INSTRUCTIONS FOR THE TASK> Search the entries below for "centralizer" and copy each matching line.

*** RECORDS FOR THE EXERCISE Section Begins ***

(* Let $\mathcal{A}$ be a triangular algebra over a field $F$ with $\operatorname{char}(F)\neq2$. Then $\operatorname{JCent}(\mathcal{A})=\operatorname{Cent}(\mathcal{A})$.
   Context: A triangular algebra is an algebra of the form $\mathcal{A}=\begin{pmatrix}B & M\\ 0 & C\end{pmatrix}$ (with formal matrix operations), where $B,C$ are unital algebras and $M$ is a $(B,C)$-bimodule that is faithful as a left $B$-module and as a right $C$-module. $x\circ y=xy+yx$. $\operatorname{JCent}(\mathcal{A})$: linear $f:\mathcal{A}\to\mathcal{A}$ with $f(x\circ y)=f(x)\circ y$ for all $x,y$. $\operatorname{Cent}(\mathcal{A})$: linear $f$ with $f(xy)=f(x)y=xf(y)$ for all $x,y$. *)

From HB Require Import structures.
From mathcomp Require Import all_boot all_order all_algebra.
Set Implicit Arguments. Unset Strict Implicit. Unset Printing Implicit Defensive.
Import GRing.Theory.
Local Open Scope ring_scope.

Record bimodule (F : fieldType) (B C : algType F) (M : lmodType F)
    (lb : B -> M -> M) (rc : M -> C -> M) : Prop := Bimodule {
  lb_addl : forall b1 b2 m, lb (b1 + b2) m = lb b1 m + lb b2 m;
  lb_addr : forall b m1 m2, lb b (m1 + m2) = lb b m1 + lb b m2;
  lb_mul  : forall b1 b2 m, lb (b1 * b2) m = lb b1 (lb b2 m);
  lb_one  : forall m, lb 1 m = m;
  lb_scalel : forall (k : F) b m, lb (k *: b) m = k *: lb b m;
  lb_scaler : forall (k : F) b m, lb b (k *: m) = k *: lb b m;
  rc_addl : forall m1 m2 c, rc (m1 + m2) c = rc m1 c + rc m2 c;
  rc_addr : forall m c1 c2, rc m (c1 + c2) = rc m c1 + rc m c2;
  rc_mul  : forall m c1 c2, rc m (c1 * c2) = rc (rc m c1) c2;
  rc_one  : forall m, rc m 1 = m;
  rc_scalel : forall (k : F) m c, rc (k *: m) c = k *: rc m c;
  rc_scaler : forall (k : F) m c, rc m (k *: c) = k *: rc m c;
  lb_rc : forall b m c, rc (lb b m) c = lb b (rc m c)
}.

Definition lfaithful (B M : Type) (zB : B) (zM : M) (lb : B -> M -> M) :=
  forall b, (forall m, lb b m = zM) -> b = zB.
Definition rfaithful (C M : Type) (zC : C) (zM : M) (rc : M -> C -> M) :=
  forall c, (forall m, rc m c = zM) -> c = zC.

Section Triangular.
Variables (F : fieldType) (B C : algType F) (M : lmodType F)
  (lb : B -> M -> M) (rc : M -> C -> M).

(* Elements of the triangular algebra [[B, M], [0, C]]. *)
Record tri := Tri { tB : B; tM : M; tC : C }.

Definition tri_add (x y : tri) : tri :=
  Tri (tB x + tB y) (tM x + tM y) (tC x + tC y).
Definition tri_scale (k : F) (x : tri) : tri :=
  Tri (k *: tB x) (k *: tM x) (k *: tC x).
(* formal matrix product *)
Definition tri_mul (x y : tri) : tri :=
  Tri (tB x * tB y) (lb (tB x) (tM y) + rc (tM x) (tC y)) (tC x * tC y).
Definition tri_jmul (x y : tri) : tri := tri_add (tri_mul x y) (tri_mul y x).

Definition tri_linear (f : tri -> tri) : Prop :=
  (forall x y, f (tri_add x y) = tri_add (f x) (f y)) /\
  (forall (k : F) x, f (tri_scale k x) = tri_scale k (f x)).

Definition JCent (f : tri -> tri) : Prop :=
  tri_linear f /\ forall x y, f (tri_jmul x y) = tri_jmul (f x) y.

Definition Cent (f : tri -> tri) : Prop :=
  tri_linear f /\
  forall x y, f (tri_mul x y) = tri_mul (f x) y /\
              f (tri_mul x y) = tri_mul x (f y).

End Triangular.

From mathcomp Require Import all_boot all_order all_algebra.
Set Implicit Arguments. Unset Strict Implicit. Unset Printing Implicit Defensive.
Import GRing.Theory.
Local Open Scope ring_scope.

(* Conversely, if f is a Jordan
   centralizer and z := f 1, then 1 o y = 2y gives 2 f(y) = z o y, hence
   z o (x o y) = (z o x) o y.  Testing this identity against the idempotent
   e = diag(1, 0) and the elements of M forces z = diag(a, c) with
   a m = m c for all m in M; faithfulness then makes a and c central, so z is
   central in the triangular algebra, 2 f(y) = 2 z y, and f(y) = z y is a
   centralizer once 2 is invertible. *)

Lemma addxx_inj (F : fieldType) (V : lmodType F) :
  (2%:R : F) != 0 -> injective (fun v : V => v + v).
Proof.
move=> two_neq0 v w; rewrite -!mulr2n -!scaler_nat => /(congr1 ( *:%R 2%:R^-1)).
by rewrite !scalerA mulVf // !scale1r.
Qed.

Section TriangularAlgebra.
Variables (F : fieldType) (B C : algType F) (M : lmodType F)
  (lb : B -> M -> M) (rc : M -> C -> M).
Hypothesis bim : bimodule lb rc.

Local Notation tri := (tri B C M).
Local Notation add := (@tri_add F B C M).
Local Notation mul := (tri_mul lb rc).
Local Notation jmul := (tri_jmul lb rc).

Lemma tri_ext (x y : tri) :
  tB x = tB y -> tM x = tM y -> tC x = tC y -> x = y.
Proof. by case: x => ???; case: y => ??? /= -> -> ->. Qed.

Lemma lb0r b : lb b 0 = 0.
Proof. by apply: (@addrI _ (lb b 0)); rewrite -(lb_addr bim) !addr0. Qed.

Lemma rc0l c : rc 0 c = 0.
Proof. by apply: (@addrI _ (rc 0 c)); rewrite -(rc_addl bim) !addr0. Qed.

Lemma rc0r m : rc m 0 = 0.
Proof. by apply: (@addrI _ (rc m 0)); rewrite -(rc_addr bim) !addr0. Qed.

Lemma lbBl b1 b2 m : lb (b1 - b2) m = lb b1 m - lb b2 m.
Proof.
by apply: (@addIr _ (lb b2 m)); rewrite -(lb_addl bim) !subrK.
Qed.

Lemma rcBr m c1 c2 : rc m (c1 - c2) = rc m c1 - rc m c2.
Proof.
by apply: (@addIr _ (rc m c2)); rewrite -(rc_addr bim) !subrK.
Qed.

Lemma lfaithful_inj b1 b2 :
  lfaithful 0 0 lb -> (forall m, lb b1 m = lb b2 m) -> b1 = b2.
Proof.
move=> faithB eq_lb; apply/eqP; rewrite -subr_eq0; apply/eqP.
by apply: faithB => m; rewrite lbBl eq_lb subrr.
Qed.

Lemma rfaithful_inj c1 c2 :
  rfaithful 0 0 rc -> (forall m, rc m c1 = rc m c2) -> c1 = c2.
Proof.
move=> faithC eq_rc; apply/eqP; rewrite -subr_eq0; apply/eqP.
by apply: faithC => m; rewrite rcBr eq_rc subrr.
Qed.

Ltac tri_simpl := do 2 rewrite /=
  ?(lb_addl bim) ?(lb_addr bim) ?(rc_addl bim) ?(rc_addr bim)
  ?mul1r ?mulr1 ?mul0r ?mulr0 ?(lb_one bim) ?(rc_one bim)
  ?lb0r ?rc0l ?rc0r ?addr0 ?add0r.

Lemma tri_addxx_inj : (2%:R : F) != 0 -> injective (fun x : tri => add x x).
Proof.
move=> two_neq0 [xb xm xc] [yb ym yc] [/addxx_inj-> // /addxx_inj-> //].
by move/addxx_inj->.
Qed.

Lemma tri_mulA : associative mul.
Proof.
move=> [xb xm xc] [yb ym yc] [wb wm wc]; apply: tri_ext; rewrite /= ?mulrA //.
by rewrite (lb_addr bim) (rc_addl bim) (lb_mul bim) (rc_mul bim) (lb_rc bim) addrA.
Qed.

Lemma tri_jmulDl x y w : jmul (add x y) w = add (jmul x w) (jmul y w).
Proof.
apply: tri_ext; tri_simpl; rewrite ?mulrDl ?mulrDr; try by rewrite addrACA.
by rewrite [RHS]addrACA; congr (_ + _); rewrite addrACA.
Qed.

Definition tri1 : tri := Tri 1 0 1.
Definition tri_e : tri := Tri 1 0 0.

Lemma tri_jmul1l y : jmul tri1 y = add y y.
Proof. by case: y => yb ym yc; apply: tri_ext; tri_simpl. Qed.

Section JordanAssociative.
Variable z : tri.
Hypothesis z_jassoc : forall x y, jmul z (jmul x y) = jmul (jmul z x) y.

Lemma jassoc_tM0 : tM z = 0.
Proof.
have := congr1 (@tM _ _ _ _) (z_jassoc tri_e tri_e).
case: z => a m c; tri_simpl => mm_eq.
by apply: (@addrI _ m); rewrite mm_eq addr0.
Qed.

Lemma jassoc_lb_rc n : lb (tB z) n = rc n (tC z).
Proof.
have := congr1 (@tM _ _ _ _) (z_jassoc tri_e (Tri 0 n 0)).
move: jassoc_tM0; case: z => a m c /= ->; tri_simpl.
by move/addrI.
Qed.

End JordanAssociative.

Lemma diag_tri_commute (z : tri) :
  lfaithful 0 0 lb -> rfaithful 0 0 rc ->
  tM z = 0 -> (forall n, lb (tB z) n = rc n (tC z)) ->
  forall y, mul z y = mul y z.
Proof.
case: z => a m c faithB faithC /= -> a_c [yb ym yc].
apply: tri_ext; tri_simpl.
- apply: lfaithful_inj => // n.
  by rewrite !(lb_mul bim) !a_c (lb_rc bim).
- by rewrite a_c.
- apply: rfaithful_inj => // n.
  by rewrite !(rc_mul bim) -!a_c (lb_rc bim).
Qed.

Lemma cent_jcent (f : tri -> tri) : Cent lb rc f -> JCent lb rc f.
Proof.
case=> f_lin f_mul; split=> // x y.
by rewrite f_lin.1 (f_mul x y).1 (f_mul y x).2.
Qed.

Lemma jcent_cent (f : tri -> tri) :
  lfaithful 0 0 lb -> rfaithful 0 0 rc -> (2%:R : F) != 0 ->
  JCent lb rc f -> Cent lb rc f.
Proof.
move=> faithB faithC two_neq0 [f_lin f_jmul].
set z := f tri1.
have f_dbl y : add (f y) (f y) = jmul z y.
  by rewrite -f_lin.1 -tri_jmul1l f_jmul.
have z_jassoc x y : jmul z (jmul x y) = jmul (jmul z x) y.
  by rewrite -f_dbl f_jmul -tri_jmulDl f_dbl.
have z_comm := diag_tri_commute faithB faithC (jassoc_tM0 z_jassoc)
  (jassoc_lb_rc z_jassoc).
have fE y : f y = mul z y.
  by apply: (tri_addxx_inj two_neq0); rewrite /= f_dbl /tri_jmul z_comm.
split=> // x y; rewrite !fE tri_mulA; split=> //.
by rewrite z_comm -tri_mulA.
Qed.

End TriangularAlgebra.

Theorem corollary3p8 (F : fieldType) (B C : algType F) (M : lmodType F)
    (lb : B -> M -> M) (rc : M -> C -> M)
    (Hbim : bimodule lb rc)
    (HfB : lfaithful 0 0 lb) (HfC : rfaithful 0 0 rc)
    (Hchar : (2%:R : F) != 0) :
  forall f : tri B C M -> tri B C M,
    JCent lb rc f <-> Cent lb rc f.
Proof.
move=> f; split; first exact: jcent_cent.
exact: cent_jcent.
Qed.
(* Let $w$ be a bounded positive function on $\mathbb{T}$ such that $\log w$ is integrable, and fix $0<\delta<1$. If there is $\varepsilon\in(0,\delta)$ such that $\operatorname{dist}\big(L_w^+(\delta),L_w^-(\varepsilon)\big)>0$, then $w$ is an apical Helson--Szegő weight at level $\delta$.
   Context: $\mathbb{T}$ is the unit circle with normalized Lebesgue measure. For a bounded $\psi$ and $0\le\delta\le1$, $L_\psi^+(\delta)=\{e^{i\theta}\in\mathbb{T}: |\psi(e^{i\theta})|\ge\|\psi\|_\infty\delta\}$ and $L_\psi^-(\delta)=\{e^{i\theta}\in\mathbb{T}: |\psi(e^{i\theta})|<\|\psi\|_\infty\delta\}$; $\operatorname{dist}$ is the distance between subsets of $\mathbb{T}$. For real $v\in L^1(\mathbb{T})$, $\tilde v$ denotes its conjugate function. A bounded positive function $w$ on $\mathbb{T}$ is an apical Helson--Szegő weight at level $\delta$ if $w=\exp(u+v)$ where $u\in L^\infty(\mathbb{T})$ and $v\in L^1(\mathbb{T})$ are real-valued and $\operatorname{ess\,sup}_{L_w^+(\delta)}|\tilde v|<\pi/2$. *)

(* The unit circle T is modelled by 2*pi-periodic
   functions on R; the normalized measure on T corresponds to (1/(2 pi)) times
   Lebesgue measure on one period. Null sets / ess sup do not depend on the
   normalisation. *)
From HB Require Import structures.
From mathcomp Require Import all_boot all_order all_algebra.
From mathcomp Require Import all_classical all_reals all_analysis ess_sup_inf.
Set Implicit Arguments. Unset Strict Implicit. Unset Printing Implicit Defensive.
Import Order.TTheory GRing.Theory Num.Theory.
Import numFieldNormedType.Exports.
Local Open Scope classical_set_scope.
Local Open Scope ring_scope.

Section defs.
Variable R : realType.
Notation leb := (@lebesgue_measure R).

Definition periodic2pi (f : R -> R) := forall x, f (x + 2 * pi) = f x.

(* ||w||_oo : essential supremum of |w| (over R, equivalently over a period) *)
Definition sup_norm (w : R -> R) : R := fine (ess_sup leb (fun x => (`|w x|)%:E)).

Definition Lplus (w : R -> R) (d : R) : set R :=
  [set x | sup_norm w * d <= `|w x|].
Definition Lminus (w : R -> R) (d : R) : set R :=
  [set x | `|w x| < sup_norm w * d].

(* chordal distance |e^{ia} - e^{ib}| between points of T *)
Definition chord (a b : R) : R :=
  Num.sqrt ((cos a - cos b) ^+ 2 + (sin a - sin b) ^+ 2).

Definition dist_pos (A B : set R) : Prop :=
  exists2 r : R, 0 < r & forall a b, A a -> B b -> r <= chord a b.

Definition conj_trunc (v : R -> R) (x : R) (e : R) : R :=
  (2 * pi)^-1 * fine (\int[leb]_(t in [set t : R | (e <= `|t| <= pi)%R])
                        (v (x - t) * (cos (t / 2) / sin (t / 2)))%:E)%E.

Definition conj_at (v : R -> R) (x l : R) : Prop :=
  conj_trunc v x e @[e --> 0^'+] --> l.

Definition apical_HS (w : R -> R) (d : R) : Prop :=
  exists u v : R -> R,
    [/\ periodic2pi u /\ periodic2pi v,
        (measurable_fun setT u /\ exists M : R, {ae leb, forall x, `|u x| <= M}),
        leb.-integrable `[(- pi)%R, pi] (EFin \o v),
        {ae leb, forall x, w x = expR (u x + v x)} &
        (exists2 c : R, c < pi / 2 &
          {ae leb, forall x, Lplus w d x ->
             exists l, conj_at v x l /\ `|l| <= c})].
End defs.

(* Split log w = u + v, where v is log w on {w < eta} and 0 elsewhere. Then u is
   bounded (between log eta and log sup w), and by dominated convergence the L^1 norm
   of v over a period is as small as we like when eta -> 0. Taking eta <= eps ||w||
   puts {w < eta} inside L^-(eps), so v vanishes on an arc of fixed half-length a
   around every point of L^+(delta), a coming from the positive distance. There the
   principal value defining the conjugate of v equals the integral truncated at a,
   which |cot(t/2)| <= 1/sin(a/2) bounds by ||v||_1 / (pi sin(a/2)); asking
   ||v||_1 <= sin(a/2) gives the bound 1/pi < pi/2. *)

From HB Require Import structures.
From mathcomp Require Import all_boot all_order all_algebra.
From mathcomp Require Import all_classical all_reals all_analysis.
From mathcomp Require Import ess_sup_inf lra ring measurable_realfun.
Set Implicit Arguments. Unset Strict Implicit. Unset Printing Implicit Defensive.
Import Order.TTheory GRing.Theory Num.Theory.
Import numFieldNormedType.Exports.
Local Open Scope classical_set_scope.
Local Open Scope ring_scope.

Section reflection.
Variable R : realType.
Notation leb := (@lebesgue_measure R).

Definition reflection (a x : R) : R := a - x.

Lemma measurable_reflection a : measurable_fun setT (reflection a).
Proof.
apply: continuous_measurable_fun => x.
by apply: continuousB; [exact: cst_continuous|exact: cvg_id].
Qed.

Lemma pushforward_reflection a A : measurable A ->
  pushforward leb (reflection a : R -> measurableTypeR R) A = leb A.
Proof.
move=> mA; apply/esym/lebesgue_measure_unique => //=.
  by move=> ? ? ?; exact: measurable_reflection.
move=> _ _ [[c d]] _ <-; rewrite /pushforward.
have -> : reflection a @^-1` `]c, d] = `[a - d, a - c[%classic.
  by apply/seteqP; split => x /=; rewrite !in_itv /= /reflection => /andP[? ?];
    apply/andP; split; lra.
rewrite !lebesgue_measure_itv /= !lte_fin.
have -> : (a - d < a - c) = (c < d) by apply/idP/idP; lra.
by case: ifP => // _; rewrite -!EFinB; congr (_%:E); lra.
Qed.

Local Open Scope ereal_scope.

Lemma ge0_integral_reflection a (D : set R) (f : R -> \bar R) :
  measurable D -> measurable_fun D f -> (forall x, D x -> 0 <= f x) ->
  \int[leb]_(x in D) f x = \int[leb]_(x in reflection a @^-1` D) f (a - x)%R.
Proof.
move=> mD mf f0.
transitivity (\int[pushforward leb (reflection a : R -> measurableTypeR R)]_(x in D) f x).
  apply: eq_measure_integral => //=; first exact: measurable_reflection.
  by move=> _ A mA _; rewrite pushforward_reflection.
rewrite ge0_integral_pushforward //; first exact: measurable_reflection.
by move=> y /set_mem; exact: f0.
Qed.

Lemma ge0_integral_reflection_itv a b c b' c' (g : R -> R) :
  measurable_fun setT g -> (forall x, (0 <= g x)%R) ->
  (a - c = b')%R -> (a - b = c')%R ->
  \int[leb]_(t in `[b, c]) (g (a - t))%:E = \int[leb]_(t in `[b', c']) (g t)%:E.
Proof.
move=> mg g0 <- <-; rewrite [RHS](ge0_integral_reflection a) //.
- congr (integral _ _ _); apply/seteqP; split => t /=;
    rewrite !in_itv /= /reflection => /andP[? ?]; apply/andP; split; lra.
- by apply/measurable_EFinP; exact: measurable_funS mg.
- by move=> *; rewrite lee_fin.
Qed.

End reflection.

Section periodic.
Variable R : realType.
Notation leb := (@lebesgue_measure R).

Lemma periodic2pi_intr (f : R -> R) : periodic2pi f ->
  forall (k : int) x, f (x + 2 * pi * k%:~R) = f x.
Proof.
have pn n x : periodic2pi f -> f (x + 2 * pi * n%:R) = f x.
  by move=> pf; rewrite mulr_natr; exact: periodicn.
move=> pf [n|n] x; first by rewrite pmulrn pn.
by rewrite NegzE mulrNz mulrN -(pn n.+1 (x - _)) // subrK.
Qed.

Lemma periodic2pi_reduce (f : R -> R) : periodic2pi f ->
  forall x, exists2 y, 0 <= y <= 2 * pi & forall t, f (x - t) = f (y - t).
Proof.
move=> pf x; have pi0 := pi_gt0 R.
set k := Num.floor (x / (2 * pi)).
exists (x - 2 * pi * k%:~R); last first.
  by move=> t; rewrite -(periodic2pi_intr pf k (x - _ - t)); congr f; ring.
have /andP[kx xk] := floor_itv (x / (2 * pi)); rewrite -/k intrD in kx xk.
have -> : x = x / (2 * pi) * (2 * pi) by rewrite mulfVK //; apply/eqP; lra.
set q := x / (2 * pi) in kx xk *.
have : 0 <= (q - k%:~R) * (2 * pi) by apply: mulr_ge0; lra.
have : 0 <= (k%:~R + 1 - q) * (2 * pi) by apply: mulr_ge0; lra.
move=> ? ?; apply/andP; split; nra.
Qed.

Local Open Scope ereal_scope.

Lemma ge0_integral_periodic2pi_shift_le (g : R -> R) x :
  periodic2pi g -> measurable_fun setT g -> (forall t, (0 <= g t)%R) ->
  \int[leb]_(t in `[(- pi)%R, pi]) (g (x - t))%:E <=
  \int[leb]_(t in `[(- pi)%R, pi]) (g t)%:E + \int[leb]_(t in `[(- pi)%R, pi]) (g t)%:E.
Proof.
move=> pg mg g0; have pi0 := pi_gt0 R.
have mG (D : set R) : measurable D -> measurable_fun D (EFin \o g).
  by move=> mD; apply/measurable_EFinP; exact: measurable_funS mg.
have [y /andP[y0 y2pi] gy] := periodic2pi_reduce pg x.
under eq_integral do rewrite gy.
rewrite (ge0_integral_reflection_itv (b' := (y - pi)%R) (c' := (y + pi)%R)) //; last by rewrite opprK.
apply: (@le_trans _ _ (\int[leb]_(t in `[(- pi)%R, (3 * pi)%R]) (g t)%:E)).
  apply: ge0_subset_integral => //; [exact: mG|by move=> *; rewrite lee_fin|].
  by move=> t /=; rewrite !in_itv /= => /andP[? ?]; apply/andP; split; lra.
have -> : `[(- pi)%R, (3 * pi)%R]%classic =
    `[(- pi)%R, pi]%classic `|` `]pi, (3 * pi)%R]%classic :> set R.
  apply/seteqP; split => t /=; rewrite !in_itv /=; last first.
    by case=> /andP[? ?]; apply/andP; split; lra.
  move=> /andP[? ?]; case: (lerP t pi) => ?; [left|right]; apply/andP; split; lra.
rewrite ge0_integral_setU //; last 3 first.
- by apply: mG; exact: measurableU.
- by move=> *; rewrite lee_fin.
- rewrite disj_set2E; apply/eqP/seteqP; split => t //=.
  by rewrite !in_itv /= => -[/andP[? ?] /andP[? ?]]; lra.
apply: leeD => //.
apply: (@le_trans _ _ (\int[leb]_(t in `[pi, (3 * pi)%R]) (g t)%:E)).
  apply: ge0_subset_integral => //; [exact: mG|by move=> *; rewrite lee_fin|].
  by move=> t /=; rewrite !in_itv /= => /andP[? ?]; apply/andP; split; lra.
rewrite -(ge0_integral_reflection_itv (a := (2 * pi)%R) (b := (- pi)%R) (c := pi)) //; [|ring|ring].
rewrite -[X in _ <= X](ge0_integral_reflection_itv (a := 0%R) (b := (- pi)%R) (c := pi)) //; [|ring|ring].
rewrite le_eqVlt; apply/orP; left; apply/eqP/eq_integral => t _.
by rewrite -[in RHS]pg; congr (g _)%:E; ring.
Qed.

End periodic.

Section trigonometry.
Variable R : realType.

Lemma chord_sub (a t : R) : chord a (a - t) = Num.sqrt (2 - 2 * cos t).
Proof.
rewrite /chord cosB sinB; congr Num.sqrt.
have ca := cos2Dsin2 a; have ct := cos2Dsin2 t.
transitivity ((cos a ^+ 2 + sin a ^+ 2) * (2 - 2 * cos t - (1 - (cos t ^+ 2 + sin t ^+ 2))));
  first by ring.
by rewrite ca ct; ring.
Qed.

Lemma chord_sub_lt (r : R) : 0 < r ->
  exists2 a, 0 < a < pi & forall x t, `|t| < a -> chord x (x - t) < r.
Proof.
move=> r0; have r20 : 0 < r ^+ 2 by exact: exprn_gt0.
set y := Num.max (1 - r ^+ 2 / 2) 0.
have y0 : 0 <= y by rewrite le_max lexx orbT.
have y1 : y < 1 by rewrite gt_max ltr01 andbT; lra.
have ry : 1 - r ^+ 2 / 2 <= y by rewrite le_max lexx.
have ay : 0 <= acos y <= pi by rewrite acos_ge0 ?acos_lepi //; apply/andP; split; lra.
exists (acos y).
  by rewrite acos_gt0 ?acos_ltpi //; apply/andP; split; lra.
move=> x t ta; rewrite chord_sub -[r]gtr0_norm // -sqrtr_sqr ltr_sqrt //.
have : y < cos t.
  rewrite -cos_norm -[X in X < _]acosK ?in_itv /=; last by apply/andP; split; lra.
  have t0 := normr_ge0 t; case/andP: ay => ? ?.
  by rewrite ltr_cos // in_itv /=; apply/andP; split; lra.
lra.
Qed.

Lemma sin_half_gt0 (e : R) : 0 < e <= pi -> 0 < sin (e / 2).
Proof.
by move=> /andP[? ?]; apply: sin_gt0_pi; apply/andP; split; lra.
Qed.

Lemma sin_half_norm (t : R) : `|t| <= pi -> `|sin (t / 2)| = sin (`|t| / 2).
Proof.
move=> tpi; have pi0 := pi_gt0 R.
have [t0|t0] := lerP 0 t.
  rewrite !ger0_norm //; apply: sin_ge0_pi; rewrite ger0_norm in tpi; lra.
rewrite ltr0_norm ?(ltr0_norm t0) ?mulNr ?sinN //.
rewrite -oppr_gt0 -sinN -mulNr; apply: sin_gt0_pi; rewrite ltr0_norm in tpi; lra.
Qed.

Lemma ler_sin : {in `[- (pi / 2), pi / 2] &, {mono (@sin R) : x y / x <= y}}.
Proof. by apply: le_mono_in => x y xI yI; rewrite ltr_sin. Qed.

Lemma sin_half_le_norm (e t : R) : 0 <= e <= `|t| -> `|t| <= pi ->
  sin (e / 2) <= `|sin (t / 2)|.
Proof.
move=> /andP[e0 et] tpi; have pi0 := pi_gt0 R.
rewrite sin_half_norm // ler_sin ?in_itv /=; first lra.
- by apply/andP; split; lra.
- by apply/andP; split; lra.
Qed.

Definition cot_half (t : R) : R := cos (t / 2) / sin (t / 2).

*** RECORDS FOR THE EXERCISE Section Ends ***

EXPECTED ANSWER>
   centralizer and z := f 1, then 1 o y = 2y gives 2 f(y) = z o y, hence
   centralizer once 2 is invertible. *)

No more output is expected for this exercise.